* _What to work on_: Could you set down exactly the lines in the records below between the line holding "Num.sg x <= Num.sg y -> y < 0 -> x < 0." and the line holding "Proof. by rewrite pairingDr pairingNr. Qed.", inclusive?

* _Supplied material_:
Definition ra_of (C : EffectAlgebra) n (F : 'I_n -> C)
    (F1 : esum F setT = Some (ea_one C)) : RA C n :=
  MkRA (beamor_ofP F1).

Lemma esumT_ord (C : EffectAlgebra) n (F : 'I_n -> C) :
  esum F setT = \big[@oadd C/Some (ea_zero C)]_(i < n) Some (F i).
Proof. by apply: eq_bigl => i; rewrite inE. Qed.

Lemma RA_ext (C : EffectAlgebra) n (f g : RA C n) : f =1 g -> f = g.
Proof.
case: f g => f fP [g gP] /= /functional_extensionality e.
by subst g; rewrite (proof_irrelevance _ fP gP).
Qed.

Section Points.
Variable C : EffectAlgebra.

Lemma point_total (x : C) :
  esum (fun i : 'I_2 => if i == ord0 then x else ea_supp x) setT = Some (ea_one C).
Proof. by rewrite esumT_ord !big_ord_recl big_ord0 /= ea_sum0r /= ea_suppP. Qed.

Definition point (x : C) : RA C 2 := ra_of (point_total x).

Lemma point0 (x : C) : point x [set ord0] = x.
Proof. by rewrite /= beamor_of1. Qed.

Lemma pointE (g : RA C 2) : g = point (g [set ord0]).
Proof.
apply/RA_ext/eq_beamor; [exact: rfunP | exact: rfunP |].
have d : [disjoint [set (ord0 : 'I_2)] & [set ord_max]] by rewrite disjoints1 inE.
have U : [set (ord0 : 'I_2)] :|: [set ord_max] = setT.
  by apply/setP => i; rewrite !inE; case: i => [[|[|]]].
case=> [[|[|//]]] lt; rewrite /= beamor_of1 /=.
  by congr (g [set _]); apply: val_inj.
have -> : Ordinal lt = ord_max by apply: val_inj.
apply: (@ea_orthoU _ (g [set ord0])); last exact: ea_suppP.
by rewrite (proj2 (rfunP g) _ _ d) U (proj1 (rfunP g)).
Qed.

Lemma ea_sum_RA3 (x1 x2 x : C) : ea_sum x1 x2 = Some x -> exists g : RA C 3,
  [/\ g [set ord0] = x1, g [set Ordinal (isT : 1 < 3)] = x2
     & g ([set ord0] :|: [set Ordinal (isT : 1 < 3)]) = x].
Proof.
move=> e.
pose F (i : 'I_3) := if val i == 0 then x1 else if val i == 1 then x2 else ea_supp x.
have F1 : esum F setT = Some (ea_one C).
  rewrite esumT_ord !big_ord_recl big_ord0 /= /F /= ea_sum0r.
  by case: (ea_assoc e (ea_suppP x)) => y [-> ->].
exists (ra_of F1); rewrite /= !beamor_of1; split=> //.
have d : [disjoint [set ord0] & [set Ordinal (isT : 1 < 3)]] by rewrite disjoints1 inE.
by have := proj2 (beamor_ofP F1) _ _ d; rewrite !beamor_of1 e => -[].
Qed.
End Points.
(* Let $n=2k$ with $k\ge 2$. Then $\{a_i,c_i : i=1,\ldots,n\}\cup\{d_{i'} : i'=1,\ldots,k\}$ is a strong resolving set of $U_n$.
   Context: For $n\ge 3$, $U_n$ is the graph with vertex set $\{a_i,b_i,c_i,d_i,e_i : 1\le i\le n\}$ and edge set $\{a_ia_{i+1}, b_ib_{i+1}, e_ie_{i+1}, a_ib_i, b_ic_i, c_id_i, d_ie_i, c_{i+1}d_i : 1\le i\le n\}$, indices taken modulo $n$. $d$ is the graph distance. A vertex $w$ strongly resolves distinct vertices $u,v$ if $d(v,w)=d(v,u)+d(u,w)$ or $d(u,w)=d(u,v)+d(v,w)$. A set $S$ is a strong resolving set if every two distinct vertices are strongly resolved by some vertex of $S$. *)

From mathcomp Require Import all_boot.
Set Implicit Arguments. Unset Strict Implicit. Unset Printing Implicit Defensive.

Fixpoint reach (T : finType) (e : rel T) (k : nat) (x y : T) : bool :=
  if k is k'.+1 then reach e k' x y || [exists z, reach e k' x z && e z y]
  else x == y.

(* Every reachable vertex is
   reachable within #|T| - 1 steps, so searching k < #|T| suffices
   (for unreachable pairs the value is #|T|, irrelevant for connected graphs). *)
Definition dist (T : finType) (e : rel T) (x y : T) : nat :=
  find (fun k => reach e k x y) (iota 0 #|T|).

Definition strongly_resolves (T : finType) (e : rel T) (w u v : T) : bool :=
  (dist e v w == dist e v u + dist e u w) || (dist e u w == dist e u v + dist e v w).

Definition strong_resolving_set (T : finType) (e : rel T) (S : {set T}) : Prop :=
  forall u v : T, u != v -> exists2 w, w \in S & strongly_resolves e w u v.

(* Vertex (s, i) with s : 'I_5 encodes a_i, b_i, c_i, d_i, e_i for s = 0,1,2,3,4;
   indices i range over 'I_n = {0,...,n-1} (paper's index i corresponds to i-1). *)
Definition Uvert (n : nat) := ('I_5 * 'I_n)%type.
(* Let $w\in W_0^J$ and $\beta\in\Delta_0^+\setminus\Delta_J^+$ be such that there is an edge $\lfloor wr_\beta\rfloor\xleftarrow{\beta}w$ in the parabolic quantum Bruhat graph. Let $j\in I_0$. (1) If $\langle w\Lambda,\alpha_j^\vee\rangle>0$ and $w\beta\ne\pm\alpha_j$, then $\langle wr_\beta\Lambda,\alpha_j^\vee\rangle>0$; moreover both $r_j\lfloor wr_\beta\rfloor$ and $r_jw$ lie in $W_0^J$, and there is an edge $r_j\lfloor wr_\beta\rfloor\xleftarrow{\beta}r_jw$. (2) If $\langle wr_\beta\Lambda,\alpha_j^\vee\rangle<0$ and $w\beta\ne\pm\alpha_j$, then $\langle w\Lambda,\alpha_j^\vee\rangle<0$; moreover both $r_j\lfloor wr_\beta\rfloor$ and $r_jw$ lie in $W_0^J$, and there is an edge $r_j\lfloor wr_\beta\rfloor\xleftarrow{\beta}r_jw$. (3) If $\langle wr_\beta\Lambda,\alpha_j^\vee\rangle<0$ and $\langle w\Lambda,\alpha_j^\vee\rangle\ge0$, then $w\beta=\pm\alpha_j$. (4) If $\langle wr_\beta\Lambda,\alpha_j^\vee\rangle\le0$ and $\langle w\Lambda,\alpha_j^\vee\rangle>0$, then $w\beta=\pm\alpha_j$.
   Context: Let $\Delta_0$ be the (finite, reduced, irreducible) root system of the finite-dimensional simple Lie algebra underlying an untwisted affine Lie algebra, with simple roots $\alpha_j$, simple coroots $\alpha_j^\vee$ ($j\in I_0$), positive roots $\Delta_0^+$, Weyl group $W_0$ generated by simple reflections $r_j$. Let $\lambda=\sum_{i\in I_0}m_i\varpi_i$ ($m_i\in\mathbb{Z}_{\ge0}$) be a level-zero dominant integral weight and $\Lambda=\mathrm{cl}(\lambda)$ its image modulo $\mathbb{C}\delta$, so $\langle\Lambda,\alpha_j^\vee\rangle=m_j$ for $j\in I_0$; $W_0$ acts on $\Lambda$. Let $J=\{j\in I_0\mid\langle\Lambda,\alpha_j^\vee\rangle=0\}$, $W_J=\langle r_j\mid j\in J\rangle$, $\Delta_J^+=\Delta_0^+\cap\bigoplus_{j\in J}\mathbb{Z}\alpha_j$, $W_0^J$ the set of minimal-length representatives of $W_0/W_J$, $\lfloor w\rfloor\in W_0^J$ the representative of $wW_J$, $\ell$ the length, $\rho=\frac12\sum_{\alpha\in\Delta_0^+}\alpha$, $\rho_J=\frac12\sum_{\alpha\in\Delta_J^+}\alpha$. The parabolic quantum Bruhat graph has vertex set $W_0^J$ and a directed edge $\lfloor wr_\beta\rfloor\xleftarrow{\beta}w$ for $w\in W_0^J$, $\beta\in\Delta_0^+\setminus\Delta_J^+$, whenever either $\ell(\lfloor wr_\beta\rfloor)=\ell(w)+1$ (Bruhat edge) or $\ell(\lfloor wr_\beta\rfloor)=\ell(w)-2\langle\rho-\rho_J,\beta^\vee\rangle+1$ (quantum edge). *)

From HB Require Import structures.
From mathcomp Require Import all_boot all_order all_algebra.
From Stdlib Require Import ClassicalEpsilon.
Set Implicit Arguments. Unset Strict Implicit. Unset Printing Implicit Defensive.
Import Order.TTheory GRing.Theory Num.Theory.
Local Open Scope ring_scope.

Section RootData.
Variable R : realFieldType.
Variable n : nat.
Local Notation V := 'cV[R]_n.

Definition pairing (x y : V) : R := (x^T *m y) ord0 ord0.
(* coroot b^v = 2 b / (b, b), so that <x, b^v> = pairing x (coroot b) *)
Definition coroot (b : V) : V := (2 / pairing b b) *: b.
(* reflection r_b : x |-> x - <x, b^v> b, as a matrix acting on the left *)
Definition refl (b : V) : 'M[R]_n := 1%:M - (2 / pairing b b) *: (b *m b^T).

Variable Phi : seq V.
Variable alpha : 'I_n -> V.    (* the simple roots, indexed by I_0 = 'I_n *)

(* Phi is a finite, reduced, irreducible root system in V (spanning V is a
   consequence of the base axioms below) *)
Definition is_reduced_irreducible_root_system : Prop :=
  [/\ uniq Phi, 0 \notin Phi,
      (forall a b, a \in Phi -> b \in Phi -> refl a *m b \in Phi),
      (forall a b, a \in Phi -> b \in Phi ->
         exists z : int, pairing b (coroot a) = z%:~R)
    & (forall a (c : R), a \in Phi -> c *: a \in Phi -> c = 1 \/ c = -1)]
  /\ (forall P : pred V, (exists2 a, a \in Phi & P a) ->
        (exists2 b, b \in Phi & ~~ P b) ->
        exists a b, [/\ a \in Phi, b \in Phi, P a, ~~ P b & pairing a b != 0]).

Definition is_base : Prop :=
  [/\ (forall j, alpha j \in Phi),
      (forall c : 'I_n -> R, \sum_j c j *: alpha j = 0 -> forall j, c j = 0)
    & (forall b, b \in Phi -> exists c : 'I_n -> nat,
          b = \sum_j (c j)%:R *: alpha j \/ b = - \sum_j (c j)%:R *: alpha j)].

Definition Amat : 'M[R]_n := \matrix_(i < n, j < n) alpha j i ord0.
Definition coords (x : V) : V := invmx Amat *m x.

Definition posroot (b : V) : bool :=
  (b \in Phi) && [forall j : 'I_n, 0 <= coords b j ord0].

Definition sref (j : 'I_n) : 'M[R]_n := refl (alpha j).
Definition wordmx (s : seq 'I_n) : 'M[R]_n :=
  foldr (fun j M => sref j *m M) 1%:M s.
Definition inW0 (w : 'M[R]_n) : Prop := exists s : seq 'I_n, wordmx s = w.
Definition has_word_of_size (w : 'M[R]_n) (k : nat) : bool :=
  [exists s : k.-tuple 'I_n, wordmx s == w].
Definition ell (w : 'M[R]_n) : nat :=
  match excluded_middle_informative (exists k, has_word_of_size w k) with
  | left h => ex_minn h
  | right _ => 0%N
  end.

Variable Lam : V.

Definition inJ (j : 'I_n) : bool := pairing Lam (coroot (alpha j)) == 0.
Definition posrootJ (b : V) : bool :=
  posroot b && [forall j : 'I_n, (~~ inJ j) ==> (coords b j ord0 == 0)].
Definition inWJ (v : 'M[R]_n) : Prop :=
  exists s : seq 'I_n, all inJ s /\ wordmx s = v.
Definition inW0J (w : 'M[R]_n) : Prop :=
  inW0 w /\ forall v, inWJ v -> (ell w <= ell (w *m v))%N.
(* floor x : the (unique) element of W_0^J in x W_J *)
Definition floor (x : 'M[R]_n) : 'M[R]_n :=
  match excluded_middle_informative
          (exists u, inW0J u /\ exists v, inWJ v /\ u = x *m v) with
  | left h => proj1_sig (constructive_indefinite_description _ h)
  | right _ => x
  end.

Definition rho : V := 2^-1 *: \sum_(a <- Phi | posroot a) a.
Definition rhoJ : V := 2^-1 *: \sum_(a <- Phi | posrootJ a) a.

(* edge  u <-(b)- w  in the parabolic quantum Bruhat graph *)
Definition qbg_edge (w : 'M[R]_n) (b : V) (u : 'M[R]_n) : Prop :=
  [/\ inW0J w, posroot b && ~~ posrootJ b, u = floor (w *m refl b)
    & (ell u = (ell w).+1 \/
       (ell u)%:R = (ell w)%:R - 2 * pairing (rho - rhoJ) (coroot b) + 1)].

End RootData.

From Pilot Require Import Defs.
From mathcomp Require Import all_boot all_order all_algebra.
From mathcomp Require Import ring lra.
From Stdlib Require Import Classical ClassicalEpsilon.
Import Order.TTheory GRing.Theory Num.Theory.
Set Implicit Arguments. Unset Strict Implicit. Unset Printing Implicit Defensive.
Local Open Scope ring_scope.

(* The length of [w] in [W0] is the number of negative roots on which [w *m hvec]
   is positive, and for [w] in [W0^J] the same count with [w *m Lam] in place of
   [w *m hvec] (here [hvec] is the height functional).  An edge
   [floor (w *m refl b) <-b- w] is therefore a jump of this count from
   [mu = w *m Lam] to [refl th *m mu], [th = w *m b]: by [+1] for a Bruhat edge and
   by [1 - \sum_((mu, d) > 0) <d, th^v> = 1 - 2 <rho - rhoJ, b^v>] for a quantum one,
   and these are the extreme values such a jump can take.  Conjugating by the simple
   reflection [r_j] changes the count at [mu] by [sg <mu, alpha_j^v>] and at
   [refl th *m mu] by [sg <refl th *m mu, alpha_j^v>]; for [th <> +-alpha_j] the
   conjugated jump obeys the same extreme bound, which forces
   [sg <w Lam, alpha_j^v> <= sg <w r_b Lam, alpha_j^v>].  This gives (3), (4) and
   the sign claims of (1), (2).  When both signs agree and are nonzero, [r_j]
   preserves minimality and shifts both lengths equally, so the edge is carried
   over to [r_j w]. *)

Lemma sgr_le_gt0 (R : realDomainType) (x y : R) :
  Num.sg x <= Num.sg y -> 0 < x -> 0 < y.
Proof. by move=> le x_gt0; rewrite -sgr_gt0 (lt_le_trans _ le) ?sgr_gt0. Qed.

Lemma sgr_le_ge0 (R : realDomainType) (x y : R) :
  Num.sg x <= Num.sg y -> 0 <= x -> 0 <= y.
Proof. by move=> le x_ge0; rewrite -sgr_ge0 (le_trans _ le) ?sgr_ge0. Qed.

Lemma sgr_le_lt0 (R : realDomainType) (x y : R) :
  Num.sg x <= Num.sg y -> y < 0 -> x < 0.
Proof. by move=> le y_lt0; rewrite -sgr_lt0 (le_lt_trans le) ?sgr_lt0. Qed.

Lemma int_ge1 (R : numDomainType) (x : R) :
  (exists z : int, x = z%:~R) -> 0 < x -> 1 <= x.
Proof. by case=> z ->; rewrite ltr0z ler1z gtz0_ge1. Qed.

(** * Inner product and reflections *)

Section Pairing.
Variables (R : realFieldType) (n : nat).
Local Notation V := 'cV[R]_n.

Lemma mulmx_ext (A B : 'M[R]_n) : (forall x : V, A *m x = B *m x) -> A = B.
Proof.
move=> AB; apply/matrixP=> i j.
have := congr1 (fun M : V => M i 0) (AB (delta_mx j 0)).
by rewrite -!colE !mxE.
Qed.

Lemma pairingE (x y : V) : pairing x y = \sum_i x i 0 * y i 0.
Proof. by rewrite /pairing !mxE; apply: eq_bigr => i _; rewrite mxE. Qed.

Lemma pairingC (x y : V) : pairing x y = pairing y x.
Proof. by rewrite !pairingE; apply: eq_bigr => i _; rewrite mulrC. Qed.

Lemma pairingDr (x y z : V) : pairing x (y + z) = pairing x y + pairing x z.
Proof. by rewrite !pairingE -big_split; apply: eq_bigr => i _; rewrite mxE mulrDr. Qed.

Lemma pairingZr (x y : V) c : pairing x (c *: y) = c * pairing x y.
Proof. by rewrite !pairingE mulr_sumr; apply: eq_bigr => i _; rewrite mxE mulrCA. Qed.

Lemma pairingNr (x y : V) : pairing x (- y) = - pairing x y.
Proof. by rewrite -scaleN1r pairingZr mulN1r. Qed.

Lemma pairingBr (x y z : V) : pairing x (y - z) = pairing x y - pairing x z.
Proof. by rewrite pairingDr pairingNr. Qed.

Lemma pairing0r (x : V) : pairing x 0 = 0.
Proof. by rewrite -(scale0r 0) pairingZr mul0r. Qed.

Lemma pairingZl (x y : V) c : pairing (c *: y) x = c * pairing y x.
Proof. by rewrite !(pairingC _ x) pairingZr. Qed.

Lemma pairingNl (x y : V) : pairing (- y) x = - pairing y x.
Proof. by rewrite !(pairingC _ x) pairingNr. Qed.

Lemma pairingBl (x y z : V) : pairing (y - z) x = pairing y x - pairing z x.
Proof. by rewrite !(pairingC _ x) pairingBr. Qed.

Lemma pairing_sumr (x : V) I (r : seq I) (P : pred I) (F : I -> V) :
  pairing x (\sum_(i <- r | P i) F i) = \sum_(i <- r | P i) pairing x (F i).
Proof.
elim/big_rec2: _ => [|i y1 y2 _ <-]; first exact: pairing0r.
by rewrite pairingDr.
Qed.

Lemma pairing_suml (x : V) I (r : seq I) (P : pred I) (F : I -> V) :
  pairing (\sum_(i <- r | P i) F i) x = \sum_(i <- r | P i) pairing (F i) x.
Proof. by rewrite pairingC pairing_sumr; apply: eq_bigr => i _; rewrite pairingC. Qed.

Lemma pairing_mulmxl (M : 'M[R]_n) (x y : V) : pairing (M *m x) y = pairing x (M^T *m y).
Proof. by rewrite /pairing trmx_mul mulmxA. Qed.

Lemma pairing_self_eq0 (x : V) : (pairing x x == 0) = (x == 0).
Proof.
apply/idP/eqP=> [|->]; last by rewrite pairing0r.
rewrite pairingE psumr_eq0 => [/allP x0|i _]; last by rewrite -expr2 sqr_ge0.
apply/matrixP=> i j; rewrite (ord1 j) mxE.
have /x0 : i \in index_enum 'I_n by rewrite mem_index_enum.
by rewrite /= -expr2 sqrf_eq0 => /eqP.
Qed.

Lemma pairing_self_gt0 (x : V) : x != 0 -> 0 < pairing x x.
Proof.
rewrite lt_def pairing_self_eq0 => -> /=.
by rewrite pairingE sumr_ge0 // => i _; rewrite -expr2 sqr_ge0.
Qed.

Lemma corootE (x b : V) : pairing x (coroot b) = 2 / pairing b b * pairing x b.
Proof. exact: pairingZr. Qed.

Lemma sg_pairing_coroot (x b : V) : b != 0 ->
  Num.sg (pairing x (coroot b)) = Num.sg (pairing x b).
Proof.
move=> nz; rewrite corootE sgrM gtr0_sg ?mul1r //.
by rewrite divr_gt0 ?pairing_self_gt0.
Qed.

Lemma pairing_coroot_self (b : V) : b != 0 -> pairing b (coroot b) = 2.
Proof. by move=> nz; rewrite corootE mulfVK // pairing_self_eq0. Qed.

Lemma reflE (b x : V) : refl b *m x = x - pairing x (coroot b) *: b.
Proof.
have bbx : b *m (b^T *m x) = pairing b x *: b.
  by apply/matrixP=> i j; rewrite (ord1 j) !mxE big_ord1 mulrC.
rewrite /refl mulmxBl mul1mx -scalemxAl -mulmxA bbx scalerA.
by rewrite corootE (pairingC x).
Qed.

Lemma trmx_refl (b : V) : (refl b)^T = refl b.
Proof. by rewrite /refl linearB /= trmx1 linearZ /= trmx_mul trmxK. Qed.

Lemma refl_self (b : V) : b != 0 -> refl b *m b = - b.
Proof.
by move=> nz; rewrite reflE pairing_coroot_self // scaler_nat mulr2n opprD addNKr.
Qed.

* _Solution to this exercise_:
  Num.sg x <= Num.sg y -> y < 0 -> x < 0.
Proof. by move=> le y_lt0; rewrite -sgr_lt0 (le_lt_trans le) ?sgr_lt0. Qed.

Lemma int_ge1 (R : numDomainType) (x : R) :
  (exists z : int, x = z%:~R) -> 0 < x -> 1 <= x.
Proof. by case=> z ->; rewrite ltr0z ler1z gtz0_ge1. Qed.

(** * Inner product and reflections *)

Section Pairing.
Variables (R : realFieldType) (n : nat).
Local Notation V := 'cV[R]_n.

Lemma mulmx_ext (A B : 'M[R]_n) : (forall x : V, A *m x = B *m x) -> A = B.
Proof.
move=> AB; apply/matrixP=> i j.
have := congr1 (fun M : V => M i 0) (AB (delta_mx j 0)).
by rewrite -!colE !mxE.
Qed.

Lemma pairingE (x y : V) : pairing x y = \sum_i x i 0 * y i 0.
Proof. by rewrite /pairing !mxE; apply: eq_bigr => i _; rewrite mxE. Qed.

Lemma pairingC (x y : V) : pairing x y = pairing y x.
Proof. by rewrite !pairingE; apply: eq_bigr => i _; rewrite mulrC. Qed.

Lemma pairingDr (x y z : V) : pairing x (y + z) = pairing x y + pairing x z.
Proof. by rewrite !pairingE -big_split; apply: eq_bigr => i _; rewrite mxE mulrDr. Qed.

Lemma pairingZr (x y : V) c : pairing x (c *: y) = c * pairing x y.
Proof. by rewrite !pairingE mulr_sumr; apply: eq_bigr => i _; rewrite mxE mulrCA. Qed.

Lemma pairingNr (x y : V) : pairing x (- y) = - pairing x y.
Proof. by rewrite -scaleN1r pairingZr mulN1r. Qed.

Lemma pairingBr (x y z : V) : pairing x (y - z) = pairing x y - pairing x z.
Proof. by rewrite pairingDr pairingNr. Qed.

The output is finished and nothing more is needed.